Re: locking against myself panic (cprng_strongreseed, filt_rndread)
> Date: Tue, 7 Nov 2017 22:58:39 +0100 > From: Edgar Fuß> > I got the following panic on a mostly idle 6.1/amd64: > > Mutex error: mutex_vector_enter: locking against myself > > and then the machine got stuck. It's a development server, so I can > leave it stuck until tomorrow in case someone wants me to examine > anything in particular. Also, no need to keep it around for diagnostics; it's clear what the lock recursion is: cprng_strong_reseed acquires c->mtx and calls selnotify, which calls filt_rndread, which calls cprng_strong_ready, which tries to recursively acquire c->mtx.

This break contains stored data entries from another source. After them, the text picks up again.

(* Let $t_0\in\mathbb R$ and let $g,h,y$ be non-negative locally integrable functions on $(t_0,\infty)$ such that $dy/dt$ is locally integrable on $(t_0,\infty)$ and $$\frac{dy}{dt}\le g(t)y(t)+h(t)\quad\forall t\ge t_0 .$$ Suppose there are $a_1,a_2,a_3\ge0$ with $\int_t^{t+1}g\,ds\le a_1$, $\int_t^{t+1}h\,ds\le a_2$, $\int_t^{t+1}y\,ds\le a_3$ for all $t\ge t_0$, and that for all $t>t_0$, $\int_{t_0}^t\big(g(s)y(s)+h(s)\big)ds\le P(t)$ for a non-negative function $P$. Then for all $t>t_0$, $$y(t)\le\Big(\frac{a_3}{t-t_0}+2a_2+a_3\Big)e^{a_1}+P(t).$$
   Context: The uniform Gronwall inequality (used as a known fact): under the first set of hypotheses with integrals over windows of length $r>0$ bounded by $a_1,a_2,a_3$, one has $y(t+r)\le(a_3/r+a_2)e^{a_1}$ for all $t\ge t_0$. *)

From HB Require Import structures.
From mathcomp Require Import all_boot all_order all_algebra.
From mathcomp Require Import all_classical all_reals all_analysis.

(** Only the window bound on [y] matters.
    Since [dy <= g y + h] and [g y + h >= 0], for [t0 < s <= t] one gets
    [y t - y s <= \int_t0^t (g y + h) <= P t], so [y >= y t - P t] on [(t0, t]].
    Integrating this lower bound over the window [(max t0 (t - 1), t]] and
    comparing with [a3] gives [y t - P t <= a3 / (t - t0)] when [t <= t0 + 1]
    and [y t - P t <= a3] otherwise; both are dominated since [expR a1 >= 1]. *)
From HB Require Import structures.
From mathcomp Require Import all_boot all_order all_algebra.
From mathcomp Require Import all_classical all_reals all_analysis.
From mathcomp Require Import measurable_realfun lra.
Import Order.TTheory GRing.Theory Num.Theory.
Local Open Scope classical_set_scope.
Local Open Scope ring_scope.

Section integral_comparison.
Context {d : measure_display} {T : measurableType d} {R : realType}.
Context (mu : {measure set T -> \bar R}) {D : set T} (mD : measurable D).
Local Open Scope ereal_scope.

(* No integrability is needed: the negative part of [f] only lowers its integral. *)
Lemma le_ge0_integral (f g : T -> \bar R) :
  measurable_fun D f -> measurable_fun D g ->
  (forall x, D x -> 0 <= g x) -> (forall x, D x -> f x <= g x) ->
  \int[mu]_(x in D) f x <= \int[mu]_(x in D) g x.
Proof.
move=> mf mg g0 fg; rewrite integralE.
apply: (@le_trans _ _ (\int[mu]_(x in D) f^\+ x)).
  rewrite -[leRHS]sube0 leeB// integral_ge0// => x _; exact: funeneg_ge0.
apply: ge0_le_integral => //.
- exact: measurable_funepos.
- by move=> x Dx; rewrite funeposE ge_max fg// g0.
Qed.

Lemma cst_le_integral (c : R) (f : T -> \bar R) : measurable_fun D f ->
  (0 <= c)%R -> (forall x, D x -> c%:E <= f x) ->
  c%:E * mu D <= \int[mu]_(x in D) f x.
Proof.
move=> mf c0 cf; rewrite -integral_cst//.
by apply: ge0_le_integral => //; rewrite lee_fin.
Qed.

End integral_comparison.

Section half_line.
Context {R : realType} {t0 : R}.
Local Notation mu := (@lebesgue_measure R).

Lemma measurable_EFin_itv_half_line {f : R -> R} {i : interval R} :
  measurable_fun `]t0, +oo[ f -> [set` i] `<=` `]t0, +oo[ ->
  measurable_fun [set` i] (EFin \o f).
Proof.
by move=> mf sub; apply/measurable_EFinP; exact: measurable_funS mf.
Qed.

Lemma ge0_subset_integral_itv {f : R -> R} {a b c e : R} :
  measurable_fun `]t0, +oo[ f -> (forall x, t0 < x -> 0 <= f x) ->
  t0 <= a -> a <= b -> c <= e ->
  (\int[mu]_(x in `]b, c]) (f x)%:E <= \int[mu]_(x in `[a, e]) (f x)%:E)%E.
Proof.
move=> mf f0 t0a ab ce.
have sub : `]a, e] `<=` `]t0, +oo[ by apply: subset_itv; rewrite bnd_simp.
rewrite -integral_itv_obnd_cbnd; last exact: measurable_EFin_itv_half_line.
apply: ge0_subset_integral => //; first exact: measurable_EFin_itv_half_line.
  by move=> x /sub /=; rewrite in_itv/= andbT => /f0; rewrite lee_fin.
by apply: subset_itv; rewrite bnd_simp.
Qed.

Lemma increment_le_integral_majorant {y dy f : R -> R} {s t : R} :
  measurable_fun `]t0, +oo[ dy -> measurable_fun `]t0, +oo[ f ->
  (forall x, t0 < x -> 0 <= f x) -> (forall x, t0 < x -> dy x <= f x) ->
  (forall s t, t0 < s -> s <= t ->
     ((y t - y s)%:E = \int[mu]_(x in `[s, t]) (dy x)%:E)%E) ->
  t0 < s -> s <= t ->
  ((y t - y s)%:E <= \int[mu]_(x in `[t0, t]) (f x)%:E)%E.
Proof.
move=> mdy mf f0 dyf ftc t0s st.
have sub : `[s, t] `<=` `]t0, +oo[ by apply: subset_itv; rewrite bnd_simp.
have dy_le_f : (\int[mu]_(x in `[s, t]) (dy x)%:E
                 <= \int[mu]_(x in `[s, t]) (f x)%:E)%E.
  apply: le_ge0_integral => //; try exact: measurable_EFin_itv_half_line.
    by move=> x /sub /=; rewrite in_itv/= andbT => /f0; rewrite lee_fin.
  by move=> x /sub /=; rewrite in_itv/= andbT => /dyf; rewrite lee_fin.
rewrite ftc//; apply: (le_trans dy_le_f).
have sub' : `]s, t] `<=` `]t0, +oo[.
  by apply: subset_itv; rewrite bnd_simp//; exact: ltW.
rewrite -(@integral_itv_obnd_cbnd _ s); last exact: measurable_EFin_itv_half_line.
exact: ge0_subset_integral_itv mf f0 (lexx t0) (ltW t0s) (lexx t).
Qed.

Lemma lower_bound_mul_length_le {y : R -> R} {a3 c u t : R} :
  measurable_fun `]t0, +oo[ y -> (forall x, t0 < x -> 0 <= y x) ->
  (forall t, t0 <= t ->
     (\int[mu]_(x in `[t, (t + 1)%R]) (y x)%:E <= a3%:E)%E) ->
  t0 <= u -> u < t -> t <= u + 1 -> 0 <= c ->
  (forall s, u < s -> s <= t -> c <= y s) ->
  c * (t - u) <= a3.
Proof.
move=> my y0 ya3 t0u ut tu1 c0 cy.
have sub : `]u, t] `<=` `]t0, +oo[ by apply: subset_itv; rewrite bnd_simp.
rewrite -lee_fin EFinM.
have -> : (t - u)%:E = mu `]u, t] by rewrite lebesgue_measure_itv/= lte_fin ut -EFinB.
have c_le_y x : x \in `]u, t] -> (c%:E <= (y x)%:E)%E.
  by rewrite /= in_itv/= => /andP[ux xt]; rewrite lee_fin cy.
apply: le_trans (cst_le_integral mu (measurable_itv _) _ _
  (measurable_EFin_itv_half_line my sub) c0 c_le_y) _.
exact: le_trans (ge0_subset_integral_itv my y0 t0u (lexx u) tu1) (ya3 _ t0u).
Qed.

Lemma lower_bound_le_window {y : R -> R} {a3 c t : R} :
  measurable_fun `]t0, +oo[ y -> (forall x, t0 < x -> 0 <= y x) ->
  (forall t, t0 <= t ->
     (\int[mu]_(x in `[t, (t + 1)%R]) (y x)%:E <= a3%:E)%E) ->
  0 <= a3 -> t0 < t -> 0 <= c -> (forall s, t0 < s -> s <= t -> c <= y s) ->
  c <= a3 / (t - t0) + a3.
Proof.
move=> my y0 ya3 a30 t0t c0 cy.
have Q0 : 0 <= a3 / (t - t0) by rewrite divr_ge0// subr_ge0 ltW.
have [tle|tgt] := leP t (t0 + 1).
  have := lower_bound_mul_length_le my y0 ya3 (lexx t0) t0t tle c0 cy.
  by rewrite -ler_pdivlMr ?subr_gt0//; lra.
have t0u : t0 <= t - 1 by lra.
have ut : t - 1 < t by lra.
have tu1 : t <= t - 1 + 1 by lra.
have := lower_bound_mul_length_le my y0 ya3 t0u ut tu1 c0
  (fun s us st => cy s (le_lt_trans t0u us) st).
have -> : t - (t - 1) = 1 by lra.
lra.
Qed.

End half_line.

Theorem mainTheorem18 (R : realType) (t0 : R) (g h y dy P : R -> R)
  (a1 a2 a3 : R) :
  locally_integrable `]t0, +oo[ g ->
  locally_integrable `]t0, +oo[ h ->
  locally_integrable `]t0, +oo[ y ->
  (forall t, t0 < t -> 0 <= g t) ->
  (forall t, t0 < t -> 0 <= h t) ->
  (forall t, t0 < t -> 0 <= y t) ->
  locally_integrable `]t0, +oo[ dy ->
  (forall s t, t0 < s -> s <= t ->
     ((y t - y s)%:E = \int[lebesgue_measure]_(x in `[s, t]) (dy x)%:E)%E) ->
  (forall t, t0 < t -> dy t <= g t * y t + h t) ->
  0 <= a1 -> 0 <= a2 -> 0 <= a3 ->
  (forall t, t0 <= t ->
     (\int[lebesgue_measure]_(x in `[t, (t + 1)%R]) (g x)%:E <= a1%:E)%E) ->
  (forall t, t0 <= t ->
     (\int[lebesgue_measure]_(x in `[t, (t + 1)%R]) (h x)%:E <= a2%:E)%E) ->
  (forall t, t0 <= t ->
     (\int[lebesgue_measure]_(x in `[t, (t + 1)%R]) (y x)%:E <= a3%:E)%E) ->
  (forall t, t0 < t -> 0 <= P t) ->
  (forall t, t0 < t ->
     (\int[lebesgue_measure]_(x in `[t0, t]) (g x * y x + h x)%:E
        <= (P t)%:E)%E) ->
  forall t, t0 < t ->
    y t <= (a3 / (t - t0) + 2 * a2 + a3) * expR a1 + P t.
Proof.
move=> [mg _ _] [mh _ _] [my _ _] g0 h0 y0 [mdy _ _] ftc dy_le a10 a20 a30
  _ _ ya3 _ intP t t0t.
have mf : measurable_fun `]t0, +oo[ (fun x => g x * y x + h x).
  by apply: measurable_funD => //; exact: measurable_funM.
have f0 x : t0 < x -> 0 <= g x * y x + h x.
  by move=> t0x; rewrite addr_ge0 ?mulr_ge0 ?g0 ?y0 ?h0.
have y_ge s : t0 < s -> s <= t -> y t - P t <= y s.
  move=> t0s st; have := increment_le_integral_majorant mdy mf f0 dy_le ftc t0s st.
  by move/le_trans/(_ (intP t t0t)); rewrite lee_fin; lra.
have Q0 : 0 <= a3 / (t - t0) by rewrite divr_ge0// subr_ge0 ltW.
have yt_le : y t - P t <= a3 / (t - t0) + a3.
  have [|ytP] := leP (y t - P t) 0; first lra.
  exact: lower_bound_le_window my y0 ya3 a30 t0t (ltW ytP) y_ge.
have e1 : 1 <= expR a1 by apply: le_trans (expR_ge1Dx a1); lra.
have : a3 / (t - t0) + 2 * a2 + a3 <= (a3 / (t - t0) + 2 * a2 + a3) * expR a1.
  by rewrite ler_peMr//; lra.
lra.
Qed.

Re: locking against myself panic (cprng_strongreseed, filt_rndread)
> Date: Tue, 7 Nov 2017 22:58:39 +0100 > From: Edgar =?iso-8859-1?B?RnXf?=> > I got the following panic on a mostly idle 6.1/amd64: > > Mutex error: mutex_vector_enter: locking against myself > [...] > mutex_vector_enter() at netbsd:mutex_vector_enter+0x3df > filt_rndread() at netbsd:filt_rndread+0x16 > knote() at netbsd:knote+0x33 > selnotify() at netbsd:selnotify+0x24 > cprng_strong_doreseed() at netbsd:cprng_strong_doreseed+0xbd > cprng_strong_reseed() at netbsd:cprng_strong_reseed+0x2d > rnd_wakeup_readers() at netbsd:rnd_wakeup_readers+0x171 > callout_softclock() at netbsd:callout_softclock+0x174 Not surprising: cprng locking was completely hosed in netbsd-6 until it got rewritten for netbsd-7. If this is particularly important, we can maybe find a way to pull up a simpler change to netbsd-6, or pull up all of the netbsd-7 entropy subsystem wholesale, but it may not be easy either way.